Lemma aut_teval n (v : 'I_n -> M) t : s (teval v t) = teval (tact s v) t.
Proof.
elim: t => [i|f ts IH] //=; rewrite aut_fun_hom; congr interp_fun.
exact: funext.
Qed.

Lemma sat_aut n (psi : formula L n) (v : 'I_n -> M) :
  sat v psi <-> sat (tact s v) psi.
Proof.
elim: psi v => {n} //=.
- move=> n t1 t2 v; rewrite -!aut_teval.
  by split=> [-> // | /(can_inj (aut_funK s))].
- move=> n r ts v; rewrite (aut_rel_hom s).
  suff -> : (fun i => s (teval v (ts i))) = (fun i => teval (tact s v) (ts i))
    by [].
  by apply: funext => i; exact: aut_teval.
- by move=> n p IH v; rewrite IH.
- by move=> n p IHp q IHq v; rewrite IHp IHq.
- by move=> n p IHp q IHq v; rewrite IHp IHq.
- by move=> n p IHp q IHq v; rewrite IHp IHq.
- move=> n p IH v; split=> -[x hx].
    by exists (s x); rewrite -tact_scons -IH.
  by exists (aut_inv s x); rewrite IH tact_scons aut_invK.
- move=> n p IH v; split=> hx x.
    by move: (hx (aut_inv s x)); rewrite IH tact_scons aut_invK.
  by rewrite IH tact_scons.
Qed.

Lemma aut_imageE n (U : ('I_n -> M) -> Prop) a :
  aut_image s U a <-> U (tact (aut_inv s) a).
Proof.
split=> [[a' [Ua' E]] | Ua].
  by rewrite (_ : a = tact s a') ?tact_autK //; apply: funext.
by exists (tact (aut_inv s) a); split=> // i; rewrite /tact aut_invK.
Qed.

Variables (n m : nat) (phi : formula L (n + m)).

Lemma defset_aut (b : 'I_m -> M) a :
  defset phi (tact s b) a <-> defset phi b (tact (aut_inv s) a).
Proof. by rewrite /defset [X in _ <-> X](sat_aut phi) tact_env2 tact_autVK. Qed.

Lemma aut_image_defset (b : 'I_m -> M) a :
  aut_image s (defset phi b) a <-> defset phi (tact s b) a.
Proof. by rewrite aut_imageE defset_aut. Qed.

Lemma strict_defset_aut (b1 b2 : 'I_m -> M) :
  strict_subset (defset phi b1) (defset phi b2) ->
  strict_subset (defset phi (tact s b1)) (defset phi (tact s b2)).
Proof.
move=> [sub [w [w2 nw1]]]; split=> [a|]; first by rewrite !defset_aut => /sub.
by exists (tact s w); rewrite !defset_aut tact_autK.
Qed.

Lemma aut_image_strict_chain (b : 'I_m -> M) :
  strict_subset (defset phi b) (aut_image s (defset phi b)) ->
  forall i, strict_subset (defset phi (tact (iter i s) b))
                          (defset phi (tact (iter i.+1 s) b)).
Proof.
move=> sb; elim=> [|i IH]; last exact: strict_defset_aut IH.
by apply: strict_subset_iff sb => // a; rewrite aut_image_defset.
Qed.

End AutomorphismInvariance.

Section DownClosed.
Variable I : int -> Prop.
Local Open Scope ring_scope.

Lemma int_boundary k0 (d : nat) : I k0 -> ~ I (k0 + d%:Z) -> exists K, I K /\ ~ I (K + 1).
Proof.
elim: d k0 => [|d IH] k0 Ik0; first by rewrite addr0.
have [Ik1 | nIk1] := EM (I (k0 + 1)); last by exists k0.
by rewrite (_ : k0 + d.+1%:Z = k0 + 1 + d%:Z); [exact: IH | lia].
Qed.

Lemma down_closed_shape :
  (forall k k', k' <= k -> I k -> I k') -> in_Theta I \/ is_bar0 I \/ is_bar1 I.
Proof.
move=> down; have [bar0 | /existsNP[k0 /contrapT Ik0]] := EM (is_bar0 I); first by right; left.
have [bar1 | /existsNP[k1 nIk1]] := EM (is_bar1 I); first by right; right.
left; have lt01 : k0 < k1.
  by rewrite ltNge; apply/negP => le10; exact: nIk1 (down k0 _ le10 Ik0).
have [K [IK nIK]] : exists K, I K /\ ~ I (K + 1).
  by apply: (@int_boundary k0 (absz (k1 - k0)) Ik0); rewrite (_ : _ + _ = k1) //; lia.
exists K => i; split=> [Ii | /down]; last exact.
by rewrite leNgt; apply/negP => Ki; apply: nIK (down i _ _ Ii); lia.
Qed.

End DownClosed.

Section Powers.
Variables (L : language) (M : structure L) (s : automorphism M).
Local Open Scope ring_scope.

Lemma aut_powD1 k x : aut_pow s (k + 1) x = s (aut_pow s k x).
Proof.
case: k => [p | [|q]]; first by rewrite (_ : Posz p + 1 = p.+1) //; lia.
  by rewrite (_ : Negz 0 + 1 = 0) /= ?aut_invK // NegzE; lia.
by rewrite (_ : Negz q.+1 + 1 = Negz q) /= ?aut_invK // !NegzE; lia.
Qed.

Lemma aut_powB1 k x : aut_pow s (k - 1) x = aut_inv s (aut_pow s k x).
Proof. by rewrite -[in RHS](subrK 1 k) aut_powD1 aut_funK. Qed.

Lemma aut_powD k l x : aut_pow s k (aut_pow s l x) = aut_pow s (k + l) x.
Proof.
elim/int_ind: k => [|p IH|p IH]; first by rewrite add0r.
  by rewrite (_ : p.+1%:Z + l = p%:Z + l + 1) ?aut_powD1 -?IH //; lia.
rewrite (_ : - p.+1%:Z = - p%:Z - 1) ?aut_powB1 ?IH; last by lia.
by rewrite -aut_powB1 (_ : - p%:Z - 1 + l = - p%:Z + l - 1) //; lia.
Qed.

End Powers.

Section XiShape.
Variables (L : language) (M : structure L) (s : automorphism M).
Variables (n : nat) (U : ('I_n -> M) -> Prop).
Local Open Scope ring_scope.

Lemma xi_tact_pow l a k : xi s U (tact (aut_pow s l) a) k = xi s U a (k + l).
Proof. by congr U; apply: funext => i; rewrite /tact aut_powD. Qed.

Lemma xi_down_closed : (forall a, U a -> aut_image s U a) ->
  forall a k k', k' <= k -> xi s U a k -> xi s U a k'.
Proof.
move=> sub a.
have xiB1 k : xi s U a k -> xi s U a (k - 1).
  move=> /sub /aut_imageE; congr U; apply: funext => i; exact/esym/aut_powB1.
have xiBn (d : nat) k : xi s U a k -> xi s U a (k - d%:Z).
  elim: d k => [|d IH] k; first by rewrite subr0.
  by move=> /IH /xiB1; rewrite (_ : k - d.+1%:Z = k - d%:Z - 1) //; lia.
by move=> k k' le /(xiBn (absz (k - k'))); rewrite (_ : k - _ = k') //; lia.
Qed.

Lemma xi_Theta_shape_of_strict :
  strict_subset U (aut_image s U) -> xi_Theta_shape s U.
Proof.
move=> [sub [y [/aut_imageE Uy' nUy]]]; have down := xi_down_closed sub.
set y' := tact (aut_inv s) y in Uy'.
have xiy k : xi s U y' k <-> k <= 0.
  split=> [xik | /down]; last by apply.
  rewrite leNgt; apply/negP => pos; apply: nUy.
  have : xi s U y' 1 by apply: down xik; lia.
  by rewrite -[y](tact_autVK s).
split=> [I [K HK] | I [a Ha]].
  exists (tact (aut_pow s (- K)) y') => k.
  by rewrite HK xi_tact_pow xiy subr_le0.
by apply: down_closed_shape => k k' le /Ha /(down a _ _ le) /Ha.
Qed.

Lemma strict_of_xi_Theta_shape :
  xi_Theta_shape s U -> strict_subset U (aut_image s U).
Proof.
move=> [inTheta shape].
have [a Ha] : in_xi_image s U (fun i => i <= 0) by apply: inTheta; exists 0.
split=> [b Ub | ].
  apply/aut_imageE; rewrite (_ : tact _ b = tact (aut_pow s (-1)) b) //.
  have [[K HK] | [/(_ 0) | /(_ (-1))]] := shape _ (ex_intro _ b (fun k => iff_refl _));
    [|by []|by []].
  by apply/HK; apply: le_trans ((HK 0).1 Ub).
exists (tact s a); split; first by apply/aut_imageE; rewrite tact_autK; exact: (Ha 0).1.
by move=> xi1; have /Ha : xi s U a 1 by [].
Qed.

End XiShape.

(** * Infinite Ramsey theorem *)

Definition increasing N (s : 'I_N -> nat) := forall x y : 'I_N, x < y -> s x < s y.
Definition unbounded (A : set nat) := forall n, exists2 x, n <= x & A x.
Definition homogeneous N (c : ('I_N -> nat) -> Prop) (A : set nat) :=
  forall s t, increasing s -> increasing t ->
    (forall x, A (s x)) -> (forall x, A (t x)) -> (c s <-> c t).

Definition fcons N (x : nat) (s : 'I_N -> nat) : 'I_N.+1 -> nat :=
  fun k => if unlift ord0 k is Some j then s j else x.
Definition fbehead N (t : 'I_N.+1 -> nat) : 'I_N -> nat := fun j => t (lift ord0 j).

Lemma fcons_behead N (t : 'I_N.+1 -> nat) : fcons (t ord0) (fbehead t) = t.
Proof. by apply: funext => k; rewrite /fcons /fbehead; case: unliftP => [j|] ->. Qed.

Lemma increasing_behead N (t : 'I_N.+1 -> nat) :
  increasing t -> increasing (fbehead t).
Proof. by move=> It x y xy; apply: It; rewrite /= /bump /= !add1n ltnS. Qed.

Lemma homogeneous_sub N (c : ('I_N -> nat) -> Prop) (A B : set nat) :
  B `<=` A -> homogeneous c A -> homogeneous c B.
Proof. by move=> BA hA s t Is It Bs Bt; apply: hA => // x; apply: BA. Qed.

Lemma unbounded_or_co (P : set nat) : unbounded P \/ unbounded (~` P).
Proof.
have [|nP] := EM (unbounded P); [by left | right].
have [n Hn] : exists n, forall x, n <= x -> ~ P x.
  apply: contrapT => h; apply: nP => n; apply: contrapT => hn.
  by apply: h; exists n => x nx Px; apply: hn; exists x.
by move=> k; exists (maxn k n); [exact: leq_maxl | apply: Hn; exact: leq_maxr].
Qed.

Section RamseyStep.
Variable N : nat.
Hypothesis ramseyN : forall (c : ('I_N -> nat) -> Prop) (A : set nat),
  unbounded A -> exists2 B, B `<=` A & unbounded B /\ homogeneous c B.
Variable c : ('I_N.+1 -> nat) -> Prop.

Lemma ramsey_thin (S : set nat) : unbounded S ->
  exists x (B : set nat), [/\ S x, B `<=` [set y | S y /\ x < y], unbounded B
                            & homogeneous (fun s => c (fcons x s)) B].
Proof.
move=> unbS; have [x _ Sx] := unbS 0.
have unbS' : unbounded [set y | S y /\ x < y].
  move=> k; have [y ky Sy] := unbS (maxn k x.+1).
  exists y; first exact: leq_trans (leq_maxl _ _) ky.
  by split; last exact: leq_trans (leq_maxr _ _) ky.
have [B BS [unbB hB]] := ramseyN (fun s => c (fcons x s)) unbS'.
by exists x, B.
Qed.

···

_What you should do:_ As the answer, set down only the lines from the data above between the one holding "Definition fcons N" and the one holding "have [|nP] := EM", inclusive, exactly as they read.

_Result of this exercise:_
Definition fcons N (x : nat) (s : 'I_N -> nat) : 'I_N.+1 -> nat :=
  fun k => if unlift ord0 k is Some j then s j else x.
Definition fbehead N (t : 'I_N.+1 -> nat) : 'I_N -> nat := fun j => t (lift ord0 j).

Lemma fcons_behead N (t : 'I_N.+1 -> nat) : fcons (t ord0) (fbehead t) = t.
Proof. by apply: funext => k; rewrite /fcons /fbehead; case: unliftP => [j|] ->. Qed.

Lemma increasing_behead N (t : 'I_N.+1 -> nat) :
  increasing t -> increasing (fbehead t).
Proof. by move=> It x y xy; apply: It; rewrite /= /bump /= !add1n ltnS. Qed.

Lemma homogeneous_sub N (c : ('I_N -> nat) -> Prop) (A B : set nat) :
  B `<=` A -> homogeneous c A -> homogeneous c B.
Proof. by move=> BA hA s t Is It Bs Bt; apply: hA => // x; apply: BA. Qed.

Lemma unbounded_or_co (P : set nat) : unbounded P \/ unbounded (~` P).
Proof.
have [|nP] := EM (unbounded P); [by left | right].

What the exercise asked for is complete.